Academic background
- Alma mater: Korea University, University of Southern California
- Thesis: A Study on the Content and Determinants of Close Exchange Relationships in Channels of Distribution (1993)

Academic work
- Discipline: Marketing
- Institutions: Baruch College, Oregon State University, Iowa State University

= Stephen Keysuk Kim =

South Korean marketing academic

Stephen Keysuk Kim is a South Korean marketing academic whose research interests include new forms of interfirm governance, interfirm control systems, and decision rights in marketing and sales. He is the Raisbeck Endowed Professor in Business at the department of marketing at Iowa State University's Debbie and Jerry Ivy College of Business.

==Academic career ==
Upon completing his Bachelor of Science in business administration at Korea University in 1984, Kim pursued a Master of Business Administration specializing in marketing. After completing the MBA program in 1987, Kim continued his doctoral studies in marketing at the University of Southern California, while working as a teaching assistant in South Korea and as an instructor in the US. In 1993, he completed his PhD.

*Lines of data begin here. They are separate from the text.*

Lemma vertex_vecP m : is_vertex m (vertex_vec m).
Proof.
apply: apoly_vec_of_poly; last exact: vertex_poly_conj.
- by apply/leq_sizeP => i Ni; rewrite coef_XaddC_exp bin_small.
- by rewrite coef_XaddC_exp subnn binn.
- by rewrite coef_XaddC_exp subn0 bin0 exprAC zetaXN expr1n.
Qed.

Lemma sum_vertex_poly_coef j : (0 < j < N)%N ->
  \sum_(1 <= m < N.+1) (vertex_poly m)`_j = 0.
Proof.
move=> jN; under eq_bigr do rewrite coef_XaddC_exp exprAC.
rewrite sumrMnl sum_exp_unity_root ?mul0rn //; first by rewrite exprAC zetaXN expr1n.
by rewrite -(prim_order_dvd zeta_prim) gtnNdvd //; lia.
Qed.

Lemma sum_vertex_vec : \sum_(1 <= m < N.+1) vertex_vec m = 0.
Proof.
have Re_sum (F : nat -> C) :
    complex.Re (\sum_(1 <= m < N.+1) F m) = \sum_(1 <= m < N.+1) complex.Re (F m).
  by apply: (big_morph (@complex.Re R)) => // -[x1 y1] [x2 y2].
have Im_sum (F : nat -> C) :
    complex.Im (\sum_(1 <= m < N.+1) F m) = \sum_(1 <= m < N.+1) complex.Im (F m).
  by apply: (big_morph (@complex.Im R)) => // -[x1 y1] [x2 y2].
apply/rowP => k; rewrite summxE mxE.
under eq_bigr do rewrite mxE.
have kN := ltn_ord k; rewrite /poly_coord.
have [_|_|_] := ltngtP k.+1.*2 N.
- by rewrite -mulr_sumr -Re_sum sum_vertex_poly_coef ?mulr0 //; lia.
- by rewrite -mulr_sumr -Im_sum sum_vertex_poly_coef ?mulr0 //; lia.
- by rewrite -Re_sum sum_vertex_poly_coef //; lia.
Qed.

(* Since the vertices sum to 0 and have norm sqradius, the squared distances from
   p to them add up to N (sqradius + sqnorm p). *)
Lemma vertices_ball_center (p : vec) :
  (forall m, (1 <= m <= N)%N -> sqnorm (vertex_vec m - p) <= sqradius) -> p = 0.
Proof.
move=> near_p.
have sum_const (x : R) : \sum_(1 <= m < N.+1) x = x *+ N by rewrite sumr_const_nat subn1.
have sum_sq : \sum_(1 <= m < N.+1) sqnorm (vertex_vec m - p) = (sqradius + sqnorm p) *+ N.
  under eq_bigr do rewrite sqnormB (vertex_sqnorm (vertex_vecP _)).
  rewrite !big_split /= !sum_const sumrN -mulr_sumr exchange_big /= mulrnDl.
  rewrite big1 ?mulr0 ?subr0 // => j _; rewrite -mulr_suml.
  by have := congr1 (fun v : vec => v 0 j) sum_vertex_vec; rewrite summxE mxE => ->; rewrite mul0r.
have : (sqradius + sqnorm p) *+ N <= sqradius *+ N.
  by rewrite -sum_sq -sum_const big_nat [X in _ <= X]big_nat ler_sum.
rewrite lerMn2r gtn_eqF ?(ltnW N_ge2) //= gerDl => le0.
by apply: sqnorm_eq0; apply/eqP; rewrite eq_le le0 sqnorm_ge0.
Qed.

Lemma WN0 : WN (0 : vec).
Proof.
move=> z; have acoord0 j : acoord (0 : vec) j = 0.
  by rewrite /acoord; case: ifP => // _; case: insub => // k; rewrite mxE.
have -> : apoly (0 : vec) = 'X^N + 1.
  rewrite /apoly big1 ?addr0 // => n _.
  have -> : ccoef (0 : vec) n = 0.
    by rewrite /ccoef !acoord0 !mulr0 oppr0; case: ifP => //; case: ifP.
  by rewrite mul0r.
rewrite rootE !hornerE addr_eq0 => /eqP zN.
have /eqP : `|z| ^+ N = 1 by rewrite -normrX zN normrN normr1.
by rewrite pexpr_eq1 ?normr_ge0 ?(ltnW N_ge2) // => /eqP.
Qed.

Section Isometry.
Variable T : vec -> vec.
Hypothesis T_WN : forall u, WN u -> WN (T u).
Hypothesis T_onto : forall w, WN w -> exists2 u, WN u & T u = w.
Hypothesis T_iso : forall u v, WN u -> WN v -> edist (T u) (T v) = edist u v.

Lemma isometry_sqnorm u v : WN u -> WN v -> sqnorm (T u - T v) = sqnorm (u - v).
Proof.
move=> Wu Wv; have := T_iso Wu Wv; rewrite !edistE => /(congr1 (fun x => x ^+ 2)).
by rewrite !sqr_sqrtr ?sqnorm_ge0.
Qed.

Lemma isometry_fixes0 : T 0 = 0.
Proof.
apply: vertices_ball_center => m _; have W0 := WN0.
have [u Wu <-] := T_onto (vertex_WN (vertex_vecP m)).
by rewrite isometry_sqnorm // subr0 WN_sqnorm_le.
Qed.

Lemma isometry_sqnorm0 u : WN u -> sqnorm (T u) = sqnorm u.
Proof.
by move=> Wu; have W0 := WN0; rewrite -[T u]subr0 -isometry_fixes0 isometry_sqnorm // subr0.
Qed.

Lemma isometry_vertex n a : is_vertex n a ->
  exists2 m, (1 <= m <= N)%N & is_vertex m (T a).
Proof.
move=> va; have Wa := vertex_WN va.
apply: WN_sqradius_vertex; first exact: T_WN.
by rewrite isometry_sqnorm0 // (vertex_sqnorm va).
Qed.

Lemma isometry_vertex_onto m b : is_vertex m b ->
  exists n, exists2 a, (1 <= n <= N)%N /\ is_vertex n a & T a = b.
Proof.
move=> vb; have [a Wa Tab] := T_onto (vertex_WN vb).
have [n n_range va] : exists2 n, (1 <= n <= N)%N & is_vertex n a.
  by apply: WN_sqradius_vertex; rewrite // -isometry_sqnorm0 // Tab (vertex_sqnorm vb).
by exists n, a.
Qed.

End Isometry.
End W_N.

Theorem mainTheorem11 (R : realType) (N : nat) (hN : (2 <= N)%N)
    (T : 'rV[R]_(N.-1) -> 'rV[R]_(N.-1))
    (hTW : forall u, WN u -> WN (T u))
    (hTsurj : forall w, WN w -> exists2 u, WN u & T u = w)
    (hTinj : forall u v, WN u -> WN v -> T u = T v -> u = v)
    (hTiso : forall u v, WN u -> WN v -> edist (T u) (T v) = edist u v) :
  T 0 = 0 /\
  (forall n a, (1 <= n <= N)%N -> is_vertex n a ->
     exists2 m, (1 <= m <= N)%N & is_vertex m (T a)) /\
  (forall m b, (1 <= m <= N)%N -> is_vertex m b ->
     exists n, exists2 a, (1 <= n <= N)%N /\ is_vertex n a & T a = b).
Proof.
split; first exact: (isometry_fixes0 hN hTsurj hTiso).
split=> [n a _ | m b _]; first exact: (isometry_vertex hN hTW hTsurj hTiso).
exact: (isometry_vertex_onto hN hTsurj hTiso).
Qed.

Kim was an assistant professor at Baruch College between 1993 and 1997, then held the same rank at Oregon State University until 2001, when he was promoted to associate professor. In 2006, he joined the Iowa State University faculty. He was promoted to full professor in 2012, where since 2017 he is the Raisbeck Endowed Professor in Business.

Kim has authored several dozen book chapters and articles in peer-reviewed academic journals, which have been cited over 3300 times, giving him an h-index of 22.

==Selected works==
The following articles have each been cited over 300 times:
- Loyalty: The Influences of Satisfaction and Brand Community Integration. Journal of Marketing Theory and Practice (2003): 1-11. With James H. McAlexander and Scott D. Roberts.
- On Interfirm Power, Channel Climate, and Solidarity in Industrial Distributor-Supplier Dyads. Journal of the Academy of Marketing Science 28.3 (2000): 388-405.
- Business Model Innovation Performance: When Does Adding a New Business Model Benefit an Incumbent?. Strategic Entrepreneurship Journal 9.1 (2015): 34-57. With Sungwook Min.